> [Work request]
Every line from the one containing "H2) as [E | E];" to the one containing "destruct H as [_ [[Hv" in the records below, both included, must be set down exactly, and no other line.

> [Listed entries]
##############################

(* There is a graph that contains every locally finite graph as an induced subgraph but contains no subdivision of $K_{\aleph_0}$.
   Context: All graphs are simple and countable. A graph is locally finite if every vertex has finite degree. *)

From Stdlib Require Import List.
Import ListNotations.

Record graph := Graph {
  vert : Type;
  adj : vert -> vert -> Prop;
  adj_sym : forall x y, adj x y -> adj y x;
  adj_irrefl : forall x, ~ adj x x;
  vert_countable : exists f : vert -> nat, forall x y, f x = f y -> x = y
}.

Definition locally_finite (G : graph) : Prop :=
  forall x : vert G, exists l : list (vert G), forall y, adj G x y -> In y l.

Definition induced_subgraph_of (H G : graph) : Prop :=
  exists f : vert H -> vert G,
    (forall x y, f x = f y -> x = y) /\
    (forall x y, adj H x y <-> adj G (f x) (f y)).

Fixpoint walk (G : graph) (x : vert G) (l : list (vert G)) (y : vert G) : Prop :=
  match l with
  | [] => adj G x y
  | z :: l' => adj G x z /\ walk G z l' y
  end.

(* G contains (as a subgraph) a subdivision of K_aleph0: infinitely many
   distinct branch vertices b i, and for every pair i < j a path from b i
   to b j with interior vertices P i j, the paths being internally
   disjoint and avoiding the branch vertices in their interiors. *)
Definition has_TK_aleph0 (G : graph) : Prop :=
  exists (b : nat -> vert G) (P : nat -> nat -> list (vert G)),
    (forall i j, b i = b j -> i = j) /\
    (forall i j, i < j ->
        walk G (b i) (P i j) (b j) /\
        NoDup (b i :: P i j ++ [b j]) /\
        (forall v k, In v (P i j) -> v <> b k)) /\
    (forall i j i' j' v, i < j -> i' < j' -> (i, j) <> (i', j') ->
        In v (P i j) -> ~ In v (P i' j')).

(* The graph Gtree is a tree of finite graphs.  Its nodes are finite stacks
   [L_n; ...; L_0] of "layers", ordered as a rooted tree by the suffix order;
   a layer L carries a finite graph on {0, ..., width L - 1} and a set of
   edges to the layer below.  The vertices of Gtree are the pairs (s, a)
   with a a slot of the top layer of s; edges join slots of the same node
   along the top layer, or a slot of s to a slot of its parent node.

   Universality: a countable locally finite graph H has a height function
   h x = min_y (f y + d(y, x)) (f an injective coding) whose levels are
   finite and which changes by at most one along edges; encoding levels
   h x, ..., 0 as a stack of layers places x at a node of Gtree, and this
   map is an induced embedding.

   No subdivided K_aleph0: every walk in Gtree meets a common ancestor of the
   nodes of its endpoints.  Since the branch paths are disjoint, finitely
   many vertices cannot block all of them; this forces two branch vertices
   below distinct children of the node of b 0, whose connecting path must
   then pass through vertices that the choice of paths has excluded. *)

From Stdlib Require Import List Arith Lia Cantor Classical ClassicalEpsilon Wf_nat.
Import ListNotations.

Definition injective {A B} (f : A -> B) : Prop := forall x y, f x = f y -> x = y.

Lemma to_nat_injective : injective to_nat.
Proof. intros p q E. rewrite <- (cancel_of_to p), <- (cancel_of_to q), E. reflexivity. Qed.

Arguments to_nat : simpl never.

Fixpoint code_list {A} (c : A -> nat) (l : list A) : nat :=
  match l with [] => 0 | x :: l' => S (to_nat (c x, code_list c l')) end.

Lemma code_list_injective {A} (c : A -> nat) : injective c -> injective (code_list c).
Proof.
  intros Hc l; induction l as [|x l IH]; intros [|y l'] E; simpl in E; try discriminate; auto.
  injection E as E. apply to_nat_injective in E. injection E as Exy Ell.
  rewrite (Hc _ _ Exy), (IH _ Ell). reflexivity.
Qed.

(* A layer describes a finite graph on {0, ..., width-1} ("inner" edges)
   together with edges from it to the previous layer ("down" edges). *)
Record layer := Layer { width : nat; inner : list (nat * nat); down : list (nat * nat) }.

Definition node := list layer.
Definition vtx := (node * nat)%type.

Definition valid (u : vtx) : Prop :=
  match fst u with [] => False | L :: _ => snd u < width L end.

Definition step (u v : vtx) : Prop :=
  match fst u with
  | [] => False
  | L :: s => snd u < width L /\
     ((fst v = fst u /\ snd v < width L /\ In (snd u, snd v) (inner L))
      \/ (valid v /\ fst v = s /\ In (snd u, snd v) (down L)))
  end.

Definition adjT (u v : vtx) : Prop := u <> v /\ (step u v \/ step v u).

Lemma adjT_sym u v : adjT u v -> adjT v u.
Proof. intros [Hne [H | H]]; split; auto. Qed.

Lemma adjT_irrefl u : ~ adjT u u.
Proof. intros [Hne _]; auto. Qed.

Definition code_edges : list (nat * nat) -> nat := code_list to_nat.

Definition code_layer (L : layer) : nat :=
  to_nat (width L, to_nat (code_edges (inner L), code_edges (down L))).

Definition code_vtx (u : vtx) : nat := to_nat (code_list code_layer (fst u), snd u).

Lemma code_vtx_injective : injective code_vtx.
Proof.
  assert (Hedges : injective code_edges) by exact (code_list_injective _ to_nat_injective).
  assert (Hlayer : injective code_layer).
  { intros [w i d] [w' i' d'] E. unfold code_layer in E; simpl in E.
    apply to_nat_injective in E. injection E as Ew E.
    apply to_nat_injective in E. injection E as Ei Ed.
    rewrite Ew, (Hedges _ _ Ei), (Hedges _ _ Ed). reflexivity. }
  intros [s a] [s' a'] E. unfold code_vtx in E; simpl in E.
  apply to_nat_injective in E. injection E as Es Ea.
  rewrite (code_list_injective _ Hlayer _ _ Es), Ea. reflexivity.
Qed.

Definition Gtree : graph :=
  Graph vtx adjT adjT_sym adjT_irrefl (ex_intro _ code_vtx code_vtx_injective).

Definition ancestor {A} (s t : list A) : Prop := exists p, t = p ++ s.

Lemma ancestor_refl {A} (s : list A) : ancestor s s.
Proof. exists []; reflexivity. Qed.

Lemma ancestor_trans {A} (s t u : list A) : ancestor s t -> ancestor t u -> ancestor s u.
Proof. intros [p ->] [q ->]. exists (q ++ p). apply app_assoc. Qed.

Lemma ancestor_parent {A} (x : A) t : ancestor t (x :: t).
Proof. exists [x]; reflexivity. Qed.

Lemma ancestor_total {A} (s s' t : list A) :
  ancestor s t -> ancestor s' t -> ancestor s s' \/ ancestor s' s.
Proof.
  intros [p Hp] [q Hq]. rewrite Hp in Hq.
  destruct (app_eq_app _ _ _ _ Hq) as [l [[_ H] | [_ H]]]; [left | right]; exists l; auto.
Qed.

Lemma ancestor_same_length {A} (s t : list A) : ancestor s t -> length s = length t -> s = t.
Proof. intros [p ->] H. rewrite length_app in H. destruct p; simpl in *; auto; lia. Qed.

Lemma ancestor_cons_inv {A} (s t : list A) x : ancestor s (x :: t) -> s = x :: t \/ ancestor s t.
Proof. intros [[|y p] H]; simpl in H; auto. right; injection H as _ H; exists p; auto. Qed.

Lemma ancestor_of_siblings {A} (s a b t : list A) l1 l2 :
  ancestor s a -> ancestor s b -> ancestor (l1 :: t) a -> ancestor (l2 :: t) b -> l1 <> l2 ->
  ancestor s t.
Proof.
  intros Ha Hb H1 H2 Hne.
  assert (Hnot : ~ ancestor (l1 :: t) b).
  { intros H. destruct (ancestor_total _ _ _ H H2) as [E | E];
      apply ancestor_same_length in E; try reflexivity; injection E; auto. }
  destruct (ancestor_total _ _ _ Ha H1) as [H | H].
  - destruct (ancestor_cons_inv _ _ _ H) as [-> | Ht]; [contradiction | exact Ht].
  - exfalso. apply Hnot. eapply ancestor_trans; eauto.
Qed.

Lemma adjT_nodes u v : adjT u v ->
  fst u = fst v \/ (exists L, fst u = L :: fst v) \/ (exists L, fst v = L :: fst u).
Proof.
  unfold adjT, step; intros [_ [H | H]].
  - destruct (fst u) as [|L s] eqn:E; [contradiction|].
    destruct H as [_ [[Hv _] | [_ [Hv _]]]]; [left | right; left; exists L]; congruence.
  - destruct (fst v) as [|L s] eqn:E; [contradiction|].
    destruct H as [_ [[Hu _] | [_ [Hu _]]]]; [left | right; right; exists L]; congruence.
Qed.

Lemma adjT_valid u v : adjT u v -> valid u /\ valid v.
Proof.
  unfold adjT, step, valid; intros [_ [H | H]].
  - destruct (fst u) eqn:E; [contradiction|].
    destruct H as [Hu [[Hv [Hlt _]] | [Hv _]]]; split; auto. rewrite Hv; exact Hlt.
  - destruct (fst v) eqn:E; [contradiction|].
    destruct H as [Hv [[Hu [Hlt _]] | [Hu _]]]; split; auto. rewrite Hu; exact Hlt.
Qed.

Lemma walk_valid x l y : walk Gtree x l y -> forall z, In z (x :: l ++ [y]) -> valid z.
Proof.
  revert x; induction l as [|w l IH]; intros x Hw z Hz; simpl in *.
  - destruct (adjT_valid _ _ Hw). intuition (subst; auto).
  - destruct Hw as [Hxw Hw]. destruct Hz as [<- | Hz].
    + exact (proj1 (adjT_valid _ _ Hxw)).
    + apply (IH w Hw). simpl; auto.
Qed.

Lemma walk_common_ancestor x l y : walk Gtree x l y ->
  exists z, In z (x :: l ++ [y]) /\ ancestor (fst z) (fst x) /\ ancestor (fst z) (fst y).
Proof.
  revert x; induction l as [|w l IH]; intros x Hw; simpl in *.
  - destruct (adjT_nodes _ _ Hw) as [E | [[L E] | [L E]]].
    + exists x. rewrite E. auto using ancestor_refl.
    + exists y. rewrite E. auto using ancestor_refl, ancestor_parent.
    + exists x. rewrite E. auto using ancestor_refl, ancestor_parent.
  - destruct Hw as [Hxw Hw]. destruct (IH w Hw) as [z [Hz [Hzw Hzy]]].
    destruct (adjT_nodes _ _ Hxw) as [E | [[L E] | [L E]]].
    + exists z. rewrite E. simpl in Hz; auto.
    + exists z. rewrite E. simpl in Hz.
      eauto 6 using ancestor_trans, ancestor_parent.
    + assert (Hxw' : ancestor (fst x) (fst w)) by (rewrite E; apply ancestor_parent).
      destruct (ancestor_total _ _ _ Hzw Hxw') as [H | H].
      * exists z. simpl in Hz; auto.
      * exists x. eauto 6 using ancestor_refl, ancestor_trans.
Qed.

Definition vertices_at (s : node) : list vtx :=
  match s with [] => [] | L :: _ => map (fun a => (s, a)) (seq 0 (width L)) end.

Fixpoint suffixes {A} (l : list A) : list (list A) :=
  match l with [] => [[]] | _ :: l' => l :: suffixes l' end.

Lemma in_suffixes {A} (s t : list A) : In s (suffixes t) <-> ancestor s t.
Proof.
  revert s; induction t as [|x t IH]; intros s; split.
  - intros [<- | []]. apply ancestor_refl.
  - intros [p Hp]. destruct p, s; try discriminate. left; reflexivity.
  - intros [<- | H]; [apply ancestor_refl|].
    eapply ancestor_trans; [apply IH, H | apply ancestor_parent].
  - intros H. destruct (ancestor_cons_inv _ _ _ H) as [-> | H']; [left | right; apply IH]; auto.
Qed.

##############################

> [Problem solution]
  { intros H. destruct (ancestor_total _ _ _ H H2) as [E | E];
      apply ancestor_same_length in E; try reflexivity; injection E; auto. }
  destruct (ancestor_total _ _ _ Ha H1) as [H | H].
  - destruct (ancestor_cons_inv _ _ _ H) as [-> | Ht]; [contradiction | exact Ht].
  - exfalso. apply Hnot. eapply ancestor_trans; eauto.
Qed.

Lemma adjT_nodes u v : adjT u v ->
  fst u = fst v \/ (exists L, fst u = L :: fst v) \/ (exists L, fst v = L :: fst u).
Proof.
  unfold adjT, step; intros [_ [H | H]].
  - destruct (fst u) as [|L s] eqn:E; [contradiction|].
    destruct H as [_ [[Hv _] | [_ [Hv _]]]]; [left | right; left; exists L]; congruence.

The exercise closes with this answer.